Implausible results, at least in theory, may be due to changes in the distributions of relevant covariates in the input data. Examples for relevant covariates might be the change of diagnostic criteria for diabetes, changes in the distribution of disease duration, distribution of body weight, the quality of glucose control or the presence of co-morbidities. In fact, possible effects of changing covariates are not estimable by our method and we do not doubt that these exist. However, we believe that the study period (2009–2015) is relative short to comprise considerable changes. Furthermore, in Germany there has not been a change in diagnostic criteria in diabetes during the study period.
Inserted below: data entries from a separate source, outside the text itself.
(* $(\mathbb{S},\sigma)$ is not a final $F$-coalgebra in $\mathbf{Met_3}^{L}$.
   Context: A tripointed metric space is a set with three distinct points $T,L,R$ and a metric bounded by $1$ in which $T,L,R$ have pairwise distance $1$. $\mathbf{Met_3}^{L}$: tripointed metric spaces with Lipschitz maps preserving $T,L,R$. Let $M=\{a,b,c\}$. $M\times X$ has metric $\tfrac12d(x,y)$ within a copy and $1$ between copies; $M\otimes X$ is the quotient metric space by the equivalence relation generated by $(b,T)\sim(a,L)$, $(a,R)\sim(c,T)$, $(c,L)\sim(b,R)$, with elements $m\otimes x$ and distinguished points $a\otimes T,b\otimes L,c\otimes R$; $F=M\otimes-$ with $(M\otimes f)(m\otimes x)=m\otimes f(x)$. The Sierpinski gasket $\mathbb{S}\subset\mathbb{R}^2$ is the unique nonempty compact set with $\mathbb{S}=\sigma_a(\mathbb{S})\cup\sigma_b(\mathbb{S})\cup\sigma_c(\mathbb{S})$, where $\sigma_a(x,y)=(x/2,y/2)+(1/4,\sqrt3/4)$, $\sigma_b(x,y)=(x/2,y/2)$, $\sigma_c(x,y)=(x/2,y/2)+(1/2,0)$, with the Euclidean metric and distinguished points $T=(1/2,\sqrt3/2)$, $L=(0,0)$, $R=(1,0)$. The map $\tau\colon M\otimes\mathbb{S}\to\mathbb{S}$, $\tau(m\otimes x)=\sigma_m(x)$, is a bijection preserving distinguished points, and $\sigma=\tau^{-1}$; $\sigma$ is a morphism in $\mathbf{Met_3}^{L}$, so $(\mathbb{S},\sigma)$ is an $F$-coalgebra there. *)

From Stdlib Require Import Reals List Relations.
From mathcomp Require Import all_boot all_classical all_reals all_analysis.
From mathcomp Require Import Rstruct Rstruct_topology.




Local Open Scope R_scope.

Record M3data : Type := Build_M3data {
  mcar :> Type;
  mdist : mcar -> mcar -> R;
  mT : mcar; mL : mcar; mR : mcar }.
Arguments mdist : clear implicits.
Arguments mT : clear implicits.
Arguments mL : clear implicits.
Arguments mR : clear implicits.

Definition isMet3 (X : M3data) : Prop :=
  (forall x y : X, mdist X x y = 0 <-> x = y) /\
  (forall x y : X, mdist X x y = mdist X y x) /\
  (forall x y z : X, mdist X x z <= mdist X x y + mdist X y z) /\
  (forall x y : X, mdist X x y <= 1) /\
  mdist X (mT X) (mL X) = 1 /\ mdist X (mT X) (mR X) = 1 /\
  mdist X (mL X) (mR X) = 1.

Definition lipschitz (A B : Type) (dA : A -> A -> R) (dB : B -> B -> R)
  (f : A -> B) : Prop :=
  exists K : R, 0 <= K /\ forall x y, dB (f x) (f y) <= K * dA x y.

Definition met3_morph (X Y : M3data) (f : X -> Y) : Prop :=
  lipschitz X Y (mdist X) (mdist Y) f /\
  f (mT X) = mT Y /\ f (mL X) = mL Y /\ f (mR X) = mR Y.

Inductive Mlab : Type := ma | mb | mc.

Definition Mlab_eq_dec (m n : Mlab) : {m = n} + {m <> n}.
Proof. decide equality. Defined.

Definition dprod (X : M3data) (p q : Mlab * X) : R :=
  if Mlab_eq_dec (fst p) (fst q) then / 2 * mdist X (snd p) (snd q) else 1.

Inductive glue0 (X : M3data) : Mlab * X -> Mlab * X -> Prop :=
  | glueBT_AL : glue0 X (mb, mT X) (ma, mL X)
  | glueAR_CT : glue0 X (ma, mR X) (mc, mT X)
  | glueCL_BR : glue0 X (mc, mL X) (mb, mR X).

Definition teq (X : M3data) : Mlab * X -> Mlab * X -> Prop :=
  clos_refl_sym_trans _ (glue0 X).

Definition tens (X : M3data) : Type :=
  { S : Mlab * X -> Prop | exists p, S = teq X p }.

Definition tpt (X : M3data) (m : Mlab) (x : X) : tens X :=
  exist _ (teq X (m, x)) (ex_intro _ (m, x) erefl).

(* chains  (p_1,q_1),...,(p_n,q_n)  with p_1 ~ a, q_i ~ p_{i+1}, q_n ~ b *)
Fixpoint walk (X : M3data) (a b : Mlab * X)
  (l : list ((Mlab * X) * (Mlab * X))) : Prop :=
  match l with
  | nil => False
  | (p, q) :: l' =>
      teq X a p /\
      match l' with
      | nil => teq X q b
      | _ => walk X q b l'
      end
  end.

Definition chain_cost (X : M3data) (l : list ((Mlab * X) * (Mlab * X))) : R :=
  fold_right (fun pq acc => dprod X (fst pq) (snd pq) + acc) 0 l.

Definition tdist (X : M3data) (A B : tens X) : R :=
  inf [set r | exists a b l, proj1_sig A a /\ proj1_sig B b /\
                  walk X a b l /\ r = chain_cost X l].

Definition Fmap (X Y : M3data) (f : X -> Y) (A : tens X) : tens Y :=
  let p := proj1_sig (cid (proj2_sig A)) in tpt Y (fst p) (f (snd p)).

Definition is_coalg (X : M3data) (e : X -> tens X) : Prop :=
  isMet3 X /\ lipschitz X (tens X) (mdist X) (tdist X) e /\
  e (mT X) = tpt X ma (mT X) /\ e (mL X) = tpt X mb (mL X) /\
  e (mR X) = tpt X mc (mR X).

Definition coalg_hom (Y : M3data) (g : Y -> tens Y)
  (X : M3data) (e : X -> tens X) (h : Y -> X) : Prop :=
  met3_morph Y X h /\ forall y, e (h y) = Fmap Y X h (g y).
In simulation studies, we found that the diagnostic accuracy of the claims data plays a crucial role for the proposed methods of estimating excess mortality. By diagnostic accuracy we mean sensitivity and specificity of the claims data compared to the gold standard of diagnosing diabetes. In principle, diagnostic accuracy may undergo secular changes, e.g., if reimbursement policy is changing. It could be possible, for instance, that false positive diagnoses in the prevalence of 2015 can be increased compared to 2009, if physicians obtain more reimbursement for the later point in time. We note, however, that such up-coding is fraud and is enforced by penalty. The impact of changes of diagnostic accuracy is subject to an ongoing theoretical analysis (including a comprehensive simulation study) aimed for an upcoming paper.
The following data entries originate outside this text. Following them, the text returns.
(* Let $G$ be a finite abelian group and $x,y\in G$ with $[x]_{\mathtt{N}}\neq\mathcal{S}$. Then $x\mathtt{N}y$ if and only if $\langle x\rangle=\langle y\rangle$.
   Context: The power graph $\mathcal{P}(G)$ has vertex set $G$, and distinct $x,y$ are adjacent iff one is a positive integer power of the other. $x\mathtt{N}y$ iff $x$ and $y$ have the same closed neighbourhood in $\mathcal{P}(G)$; $[x]_{\mathtt{N}}$ is the class of $x$. $\mathcal{S}=[1]_{\mathtt{N}}$ is the set of vertices adjacent to all others. *)

From mathcomp Require Import all_boot all_fingroup.
Set Implicit Arguments. Unset Strict Implicit. Unset Printing Implicit Defensive.
Local Open Scope group_scope.

(* The power graph P(G) of a group G (vertex set G):
   distinct x, y are adjacent iff one is a positive integer power of the other. *)
Definition is_pos_power (gT : finGroupType) (x y : gT) : Prop :=
  exists k : nat, (0 < k)%N /\ y = x ^+ k.

Definition pg_adj (gT : finGroupType) (x y : gT) : Prop :=
  x <> y /\ (is_pos_power x y \/ is_pos_power y x).

Definition pg_cnbhd (gT : finGroupType) (G : {group gT}) (x z : gT) : Prop :=
  z \in G /\ (z = x \/ pg_adj x z).

Definition relN (gT : finGroupType) (G : {group gT}) (x y : gT) : Prop :=
  forall z, pg_cnbhd G x z <-> pg_cnbhd G y z.

Definition pg_classN (gT : finGroupType) (G : {group gT}) (x : gT) : gT -> Prop :=
  fun y => y \in G /\ relN G x y.

Definition pg_classS (gT : finGroupType) (G : {group gT}) : gT -> Prop :=
  pg_classN G 1.

(* Suppose x N y with <[y]> a proper subgroup of <[x]>; we show that every
   z in G is a power of x or has x as a power, i.e. x lies in S.  By induction
   on the order of z, with q the least prime divisor of #[z]: z ^+ q is
   comparable with x, hence with y, and we may assume z is not comparable
   with y, so z ^+ q lies in <[y]>.  Pick u in <[x]> with y in <[u ^+ q]> but
   x not in it (u = x when q divides #[x], because <[x ^+ q]> is maximal in
   <[x]> and x ^+ q is comparable with y; u = y otherwise).  Writing
   z ^+ q = u ^+ (q * t), the element c = z * u ^- t has c ^+ q = 1, and c
   lies in <[x]>: otherwise y lies in <[(c * u) ^+ q]> = <[u ^+ q]>, so c * u
   is comparable with x, which forces c in <[x]> or x in <[u ^+ q]>.  Hence
   z = c * u ^+ t lies in <[x]>. *)

From mathcomp Require Import all_boot all_fingroup.
From mathcomp Require Import cyclic gseries maximal.
From Corelib Require Import Setoid.
Set Implicit Arguments. Unset Strict Implicit. Unset Printing Implicit Defensive.
Local Open Scope group_scope.

Section PowerGraph.
Variable gT : finGroupType.
Implicit Types (G : {group gT}) (a x y z : gT).

Definition power_comparable x z := (z \in <[x]>) || (x \in <[z]>).

Lemma power_comparable1 z : power_comparable 1 z.
Proof. by rewrite /power_comparable group1 orbT. Qed.

Lemma power_comparable_cycle x y :
  <[x]> = <[y]> -> power_comparable x =1 power_comparable y.
Proof.
by move=> eq_xy z; rewrite /power_comparable -!cycle_subG /= eq_xy.
Qed.

Lemma is_pos_powerE x z : is_pos_power x z <-> z \in <[x]>.
Proof.
split=> [[k [_ ->]] | /cycleP[[|k] ->]].
- exact: mem_cycle.
- by exists #[x]; rewrite order_gt0 expg_order.
- by exists k.+1.
Qed.

Lemma pg_cnbhdE G x z : pg_cnbhd G x z <-> (z \in G) && power_comparable x z.
Proof.
rewrite /pg_cnbhd /pg_adj /power_comparable; split.
  by case=> -> [-> | [_ [/is_pos_powerE -> | /is_pos_powerE ->]]];
    rewrite ?cycle_id ?orbT.
case/andP=> -> zx; split=> //; have [-> | ne_zx] := eqVneq z x; first by left.
right; split; first by apply/eqP; rewrite eq_sym.
by case/orP: zx => /is_pos_powerE; [left | right].
Qed.

Lemma relNE G x y :
  relN G x y <-> {in G, power_comparable x =1 power_comparable y}.
Proof.
rewrite /relN; setoid_rewrite pg_cnbhdE; split=> [xNy z zG | eq_xy z].
  by have := xNy z; rewrite zG => -[? ?]; apply/idP/idP.
by split=> /andP[zG]; rewrite zG ?eq_xy // -eq_xy.
Qed.

Lemma relN1E G x : relN G 1 x <-> {in G, forall z, power_comparable x z}.
Proof.
rewrite relNE; split=> h z zG; first by rewrite -h ?power_comparable1.
by rewrite h ?power_comparable1.
Qed.

Lemma pg_classN_S G x :
  relN G 1 x -> forall z, pg_classN G x z <-> pg_classS G z.
Proof.
move=> h1x z; rewrite /pg_classS /pg_classN /relN.
by split=> -[zG h]; split=> // w; [rewrite h1x | rewrite -h1x].
Qed.

Lemma mem_cycleX_coprime a k : coprime #[a] k -> a \in <[a ^+ k]>.
Proof. by rewrite -generator_coprime => /eqP <-; exact: cycle_id. Qed.

Lemma maximal_cycleXp a q : prime q -> q %| #[a] -> maximal <[a ^+ q]> <[a]>.
Proof.
move=> q_pr q_dvd; apply: p_index_maximal; first exact: cycleX.
by rewrite -divgS ?cycleX // -!orderE orderXdiv // divnA // mulKn.
Qed.

End PowerGraph.

Section SameClosedNeighbourhood.
Variables (gT : finGroupType) (G : {group gT}) (x y : gT).
Hypotheses (abelG : abelian G) (xG : x \in G).
Hypotheses (y_in_x : y \in <[x]>) (ne_yx : <[y]> != <[x]>).
Hypothesis sameN : {in G, power_comparable x =1 power_comparable y}.

Let sxG : <[x]> \subset G. Proof. by rewrite cycle_subG. Qed.

Let commG : {in G &, forall a b, commute a b}.
Proof. by move=> a b aG; apply: (centsP abelG). Qed.

Lemma comparable_of_mem_cycle w :
  w \in G -> y \in <[w]> -> power_comparable x w.
Proof. by move=> wG yw; rewrite sameN // /power_comparable yw orbT. Qed.

Lemma x_notin_cycle_y : x \notin <[y]>.
Proof.
by apply: contra ne_yx => xy; rewrite eqEsubset !cycle_subG xy y_in_x.
Qed.

Lemma y_in_cycleXp q : prime q -> q %| #[x] -> y \in <[x ^+ q]>.
Proof.
move=> q_pr q_dvd.
have /orP[xq_y | //] : power_comparable y (x ^+ q).
  by rewrite -sameN ?groupX // /power_comparable mem_cycle.
have /maxgroupP[_ max_xq] := maximal_cycleXp q_pr q_dvd.
have proper_yx : <[y]> \proper <[x]> by rewrite properEneq ne_yx cycle_subG.
by rewrite -(max_xq _ proper_yx) ?cycle_id ?cycle_subG.
Qed.

Lemma exists_separating_power q : prime q ->
  exists2 u, u \in <[x]> & (y \in <[u ^+ q]>) && (x \notin <[u ^+ q]>).
Proof.
move=> q_pr; have [q_dvd | q_ndvd] := boolP (q %| #[x]).
  exists x; first exact: cycle_id.
  have /maxgroupp/andP[_] := maximal_cycleXp q_pr q_dvd.
  by rewrite cycle_subG y_in_cycleXp.
exists y => //; apply/andP; split.
  apply: mem_cycleX_coprime; apply: coprime_dvdl (order_dvdG y_in_x) _.
  by rewrite coprime_sym prime_coprime.
by apply: contra x_notin_cycle_y; apply/subsetP; exact: cycleX.
Qed.

Lemma mem_cycle_of_expg_prime u q c :
    u \in <[x]> -> prime q -> y \in <[u ^+ q]> -> x \notin <[u ^+ q]> ->
  c \in G -> c ^+ q = 1 -> c \in <[x]>.
Proof.
move=> ux q_pr y_uq x_nuq cG cq1; apply: contraT => c_nx.
have uG : u \in G := subsetP sxG u ux.
have cu : commute c u by apply: commG.
have y_cu : y \in <[c * u]>.
  by apply: subsetP (cycleX _ q) _ _; rewrite expgMn // cq1 mul1g.
have /orP[cu_x | /cycleP[e xE]] := comparable_of_mem_cycle (groupM cG uG) y_cu.
  by case/negP: c_nx; rewrite -(mulgK u c) groupM ?groupV.
have ntc : c != 1 by apply: contraNneq c_nx => ->; exact: group1.
have q_dvd_e : q %| e.
  apply: contraR c_nx => q_ndvd_e.
  have ce_x : c ^+ e \in <[x]>.
    rewrite -(mulgK (u ^+ e) (c ^+ e)) -expgMn // -xE.
    by rewrite groupM ?groupV ?groupX ?cycle_id.
  have /mem_cycleX_coprime c_ce : coprime #[c] e.
    by rewrite (nt_prime_order q_pr cq1) ?prime_coprime.
  by apply: subsetP c_ce; rewrite cycle_subG.
case/negP: x_nuq; rewrite xE expgMn // -(divnK q_dvd_e) mulnC !expgM.
by rewrite cq1 expg1n mul1g mem_cycle.
Qed.

Lemma power_comparable_all z : z \in G -> power_comparable x z.
Proof.
have [n] := ubnP #[z]; elim: n z => // n IHn z; rewrite ltnS => le_zn zG.
have [-> | ntz] := eqVneq z 1; first by rewrite /power_comparable group1.
have q_pr : prime (pdiv #[z]) by rewrite pdiv_prime // order_gt1.
set q := pdiv #[z] in q_pr *.
have IHq : power_comparable x (z ^+ q).
  apply: IHn; last exact: groupX.
  by apply: leq_trans le_zn; rewrite orderXdiv ?pdiv_dvd // ltn_Pdiv ?prime_gt1.
have [y_z | y_nz] := boolP (power_comparable y z); first by rewrite sameN.
have zq_y : z ^+ q \in <[y]>.
  move: IHq; rewrite (sameN (groupX q zG)) => /orP[// | y_zq].
  case/negP: y_nz.
  by rewrite /power_comparable (subsetP (cycleX z q) y y_zq) orbT.
have [u ux /andP[y_uq x_nuq]] := exists_separating_power q_pr.
have /cycleP[t zqE] : z ^+ q \in <[u ^+ q]>.
  by apply: subsetP zq_y; rewrite cycle_subG.
have uG : u \in G := subsetP sxG u ux.
have c_x : z * (u ^+ t)^-1 \in <[x]>.
  apply: (mem_cycle_of_expg_prime ux q_pr y_uq x_nuq).
    by rewrite groupM ?groupV ?groupX.
  rewrite expgMn; last by apply: commG; rewrite ?groupV ?groupX.
  by rewrite zqE expVgn -!expgM mulnC mulgV.
by rewrite /power_comparable -(mulgKV (u ^+ t) z) groupM ?c_x ?groupX.
Qed.

End SameClosedNeighbourhood.

Lemma cycle_eq_of_power_comparable_eq (gT : finGroupType) (G : {group gT}) x y :
    abelian G -> x \in G -> y \in <[x]> ->
    {in G, power_comparable x =1 power_comparable y} ->
  ~ {in G, forall z, power_comparable x z} -> <[x]> = <[y]>.
Proof.
move=> abelG xG y_in_x sameN notS; apply/eqP; rewrite eq_sym.
by apply: contraT => ne_yx; case: notS; exact: power_comparable_all ne_yx sameN.
Qed.

Theorem mainTheorem16 (gT : finGroupType) (G : {group gT}) (x y : gT) :
  abelian G -> x \in G -> y \in G ->
  ~ (forall z, pg_classN G x z <-> pg_classS G z) ->
  (relN G x y <-> <[x]> = <[y]>).
Proof.
move=> abelG xG yG notS.
have {}notS : ~ {in G, forall z, power_comparable x z}.
  by move/relN1E/pg_classN_S.
split=> [/relNE sameN | eq_xy]; last first.
  by apply/relNE => z _; apply: power_comparable_cycle.
have /orP[y_in_x | x_in_y] : power_comparable x y.
  by rewrite sameN // /power_comparable cycle_id.
- exact: cycle_eq_of_power_comparable_eq sameN notS.
- apply/esym/(cycle_eq_of_power_comparable_eq abelG yG x_in_y).
    by move=> z zG; rewrite sameN.
  by move=> all_y; apply: notS => z zG; rewrite sameN ?all_y.
Qed.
Based on the results in this example, we see that special attention is required in interpreting the results of the two estimation techniques, when applied to lower age ranges.

Limitations

The aim of this research note was to assess the performance of two recently published estimators for the excess mortality of a chronic disease from prevalence and incidence data. While in previous publications [1, 2] reasonable results have been found for ages over 50 years, here we demonstrated problems of these estimators in younger age groups. The reasons for the problems seem to lie in the estimators itself. For instance, if the partial derivative of the prevalence (∂p) is close to zero and the incidence rate (i) is close to the general mortality (m), i.e., i ≈ m, the denominator in Eq. (2b) is close to zero. Thus, the fraction on the right hand side of Eq. (2b) becomes very large in magnitude. This explains the highly oscillating values in Table 1. Despite Eq. (2a) does not have the (cancellation) problem for i ≈ m, implausibly high values are obtained too. The reason is the factor 1/p on the right hand side of Eq. (2a). For values of the prevalence (p) being close to zero, the reciprocal 1/p becomes very large. For example, in the lowest age group (15–19 years), the fraction 1/p takes values of about 900, which explains the high estimate for ∆m in this age group. Strategies to overcome these problems are currently under development and will be subject of a future article.